Let \(\vec{F}=-y \vec{i}+x \vec{j}\) and let \(C\) be the unit circle oriented counterclockwise. (a) Show that \(\vec{F}\) has a constant magnitude of 1 on \(C\). (b) Show that \(\vec{F}\) is always tangent to the circle \(C\). (c) Show that \(\int_{C} \vec{F} \cdot d \vec{r}=\) Length of \(C\).

Short Answer

Expert verified
\( \vec{F} \) has magnitude 1, is tangent to \( C \), and \( \int_{C} \vec{F} \cdot d \vec{r} = 2\pi \).

Step by step solution

01

Express Unit Circle Parameterization

The unit circle is parameterized by \( \vec{r}(t) = \langle \cos(t), \sin(t) \rangle \) for \( t \in [0, 2\pi] \). This is because the cosine and sine functions define the x and y coordinates of a circle with radius 1.
02

Magnitude of \( \vec{F} \) on \( C \)

Given \( \vec{F} = -y \vec{i} + x \vec{j} \), substitute \( x = \cos(t) \) and \( y = \sin(t) \) into the expression. Thus, \( \vec{F} = -\sin(t) \vec{i} + \cos(t) \vec{j} \). The magnitude is \( \| \vec{F} \| = \sqrt{(-\sin(t))^2 + (\cos(t))^2} = \sqrt{\sin^2(t) + \cos^2(t)} = 1 \). Thus, \( \vec{F} \) has constant magnitude 1 on \( C \).
03

Show \( \vec{F} \) is Tangent to Circle

The derivative of the position vector parameterization is \( \vec{r}'(t) = \frac{d}{dt}(\langle \cos(t), \sin(t) \rangle) = \langle -\sin(t), \cos(t) \rangle \), which matches \( \vec{F} = -\sin(t) \vec{i} + \cos(t) \vec{j} \).
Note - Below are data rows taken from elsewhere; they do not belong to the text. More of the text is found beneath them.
Lemma br_path_best_responses_in x : exists y,
  [/\ br_path W h x y, {in ~: U, y =1 x} & forall i, i \in U -> best_response W h i y (y i)].
Proof.
have [x1 [xx1 x1x st1]] := br_path_agree_stable x.
have [|y [x1y [yx _] bry]] := br_path_descent
    (P := fun y => {in ~: U, y =1 x} /\ agree_stable y)
    (Q := fun y => forall i, i \in U -> best_response W h i y (y i))
    (m := fun y => #|disagree U s y|) _ (conj x1x st1); last first.
  by exists y; split=> //; apply: br_path_cat xx1 x1y.
move=> z [zx stz].
case: (boolP [exists i in disagree U s z, 0 <= sgn (s i) * local_field z i]); last first.
  move/exists_inPn => none; left => i iU; apply/best_responseP.
  have [zi|zi] := eqVneq (z i) (s i); first by rewrite zi stz // inE iU zi eqxx.
  have := none i; rewrite inE iU zi -ltNge => /(_ isT) lt0.
  have -> : z i = ~~ s i by move: zi; case: (z i); case: (s i).
  by rewrite sgn_negb mulNr oppr_ge0 ltW.
case/exists_inP => i iD ge0; have /setIdP[iU zi] := iD.
have z'z : {in ~: U, upd z i (s i) =1 z} by apply: upd_in_setC.
have sub : agree U s z \subset agree U s (upd z i (s i)).
  by rewrite agree_upd_same // subsetUr.
right; exists (upd z i (s i)); split.
- by apply: br_step_upd; rewrite // eq_sym.
- split=> [j jU | j jA]; first by rewrite z'z ?zx.
  have jU : j \in U by case/setIdP: jA.
  apply: le_trans (local_field_agree_mono jU z'z sub).
  move: jA; rewrite agree_upd_same // => /setU1P[-> //|]; exact: stz.
- by rewrite disagree_upd_same (cardsD1 i (disagree U s z)) iD.
Qed.

End Balanced.

Section Indecomposable.
Variables (R : {set V}) (tau : profile).
Hypothesis gR : gauge_unsigned W R tau.

Definition hm i := sgn (tau i) * h i - wsum W i (~: R).
Definition hp i := sgn (tau i) * h i + wsum W i (~: R).

Hypothesis indec : indecomposable W R hm hp.
Hypothesis dominant : forall i, i \in R -> wsum W i R - `|h i| > wsum W i (~: R).

Definition disagree_stable x := forall j, j \in disagree R tau x ->
  wsum W j (agree R tau x) <= wsum W j (disagree R tau x) - hm j.

Lemma br_path_disagree_stable x : exists y, br_path W h x y /\ disagree_stable y.
Proof.
have [|y [xy _ sty]] := br_path_descent (P := fun _ => True) (Q := disagree_stable)
    (m := fun y => #|disagree R tau y|) _ (x := x) I; last by exists y.
move=> z _.
case: (boolP [exists i in disagree R tau z,
                wsum W i (disagree R tau z) - hm i < wsum W i (agree R tau z)]); last first.
  by move/exists_inPn => none; left => j /none; rewrite -leNgt.
case/exists_inP => i iD lt; have /setIdP[iR zi] := iD.
right; exists (upd z i (tau i)); split=> //.
- apply: br_step_upd; first by rewrite eq_sym.
  by case/andP: (local_field_gauge_bounds z gR iR); rewrite /hm in lt; lra.
- by rewrite disagree_upd_same (cardsD1 i (disagree R tau z)) iD.
Qed.

Lemma br_path_consensus x : exists y, br_path W h x y /\ consensus R tau y.
Proof.
have [x1 [xx1 st1]] := br_path_disagree_stable x.
have [|y [x1y _ cy]] := br_path_descent (P := disagree_stable) (Q := consensus R tau)
    (m := fun y => #|agree R tau y|) _ st1; last first.
  by exists y; split=> //; apply: br_path_cat xx1 x1y.
move=> z stz.
have [D0|Dn] := eqVneq (disagree R tau z) set0.
  left; left => i iR; have : i \notin disagree R tau z by rewrite D0 inE.
  by rewrite inE iR negbK => /eqP.
have [A0|An] := eqVneq (agree R tau z) set0.
  left; right => i iR; have : i \notin agree R tau z by rewrite A0 inE.
  by rewrite inE iR /=; case: (z i); case: (tau i).
right; have [i [[iA lt]|[iD lt]]] :=
  indec (setI_disagree_agree R tau z) (setU_disagree_agree R tau z) Dn An; last first.
  by have := stz i iD; lra.
have /setIdP[iR /eqP zi] := iA.
exists (upd z i (~~ tau i)); split.
- apply: br_step_upd; first by rewrite zi; case: (tau i).
  rewrite sgn_negb mulNr oppr_ge0.
  by case/andP: (local_field_gauge_bounds z gR iR); rewrite /hp in lt; lra.
- move=> j; rewrite disagree_upd_negb // agree_upd_negb => jD.
  have leA := wsumS j (subD1set (agree R tau z) i).
  have leD := wsumS j (subsetUr [set i] (disagree R tau z)).
  case/setU1P: jD => [ji|jD]; last by have := stz j jD; lra.
  by rewrite ji in leA leD *; have := wsum_ge0 i (~: R); rewrite /hm /hp in lt *; lra.
- by rewrite agree_upd_negb (cardsD1 i (agree R tau z)) iA.
Qed.

Lemma consensus_best_response x i :
  consensus R tau x -> i \in R -> best_response W h i x (x i).
Proof.
move=> [] xR iR; first exact: agreeing_best_response gR xR iR (dominant iR).
exact: agreeing_best_response (gauge_unsigned_negb gR) xR iR (dominant iR).
Qed.

End Indecomposable.

End ZeroDiagonal.
End SNCGame.

Theorem corollary3 (F : realFieldType) (V : finType)
  (W : V -> V -> F) (h : V -> F) (R S : {set V}) (tau : V -> bool) :
  zero_diag W ->
  R :&: S = set0 -> R :|: S = [set: V] -> R != set0 -> S != set0 ->
  struct_balanced W R -> struct_balanced W S ->
  gauge_unsigned W R tau ->
  indecomposable W R
    (fun i => sgn F (tau i) * h i - wsum W i S)
    (fun i => sgn F (tau i) * h i + wsum W i S) ->
  (forall i, i \in R -> wsum W i R - `|h i| > wsum W i S) ->
  globally_br_reachable W h
    (fun x => nash W h x /\
       ((forall i, i \in R -> x i = tau i) \/ (forall i, i \in R -> x i = ~~ tau i))).
Proof.
(* Balance of G_R is already implied by the gauge tau; R and S need not be nonempty. *)
move=> W0 RS0 RSU _ _ _ balS gR indec dominant x.
have S_def : S = ~: R.
  apply/setP => j; rewrite inE; move/setP/(_ j): RS0; move/setP/(_ j): RSU.
  by rewrite !inE; case: (j \in R); case: (j \in S).
subst S; have [sigma gS] := struct_balanced_gauge balS.
have [y [xy cy]] := br_path_consensus W0 gR indec x.
have [z [yz zy brz]] := br_path_best_responses_in h W0 gS y.
have cz : consensus R tau z.
  by case: cy => yR; [left | right] => i iR; rewrite zy ?setCK // yR.
exists z; split; last exact: br_path_cat xy yz.
split=> // i; have [iR|iR] := boolP (i \in R).
  exact: (consensus_best_response W0 gR dominant cz iR).
by apply: brz; rewrite inE.
Qed.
Since \( \vec{F} = \vec{r}'(t) \), \( \vec{F} \) is always tangent to \( C \).
04

Compute Line Integral

The line integral is given by \( \int_{C} \vec{F} \cdot d \vec{r} = \int_{0}^{2\pi} \vec{F}(t) \cdot \vec{r}'(t) \, dt \). Since \( \vec{F}(t) = \vec{r}'(t) \), this becomes \( \int_{0}^{2\pi} \| \vec{r}'(t) \|^2 \, dt = \int_{0}^{2\pi} 1 \, dt = 2\pi \). This shows \( \int_{C} \vec{F} \cdot d \vec{r} = \text{Length of } C \), which is 2\pi.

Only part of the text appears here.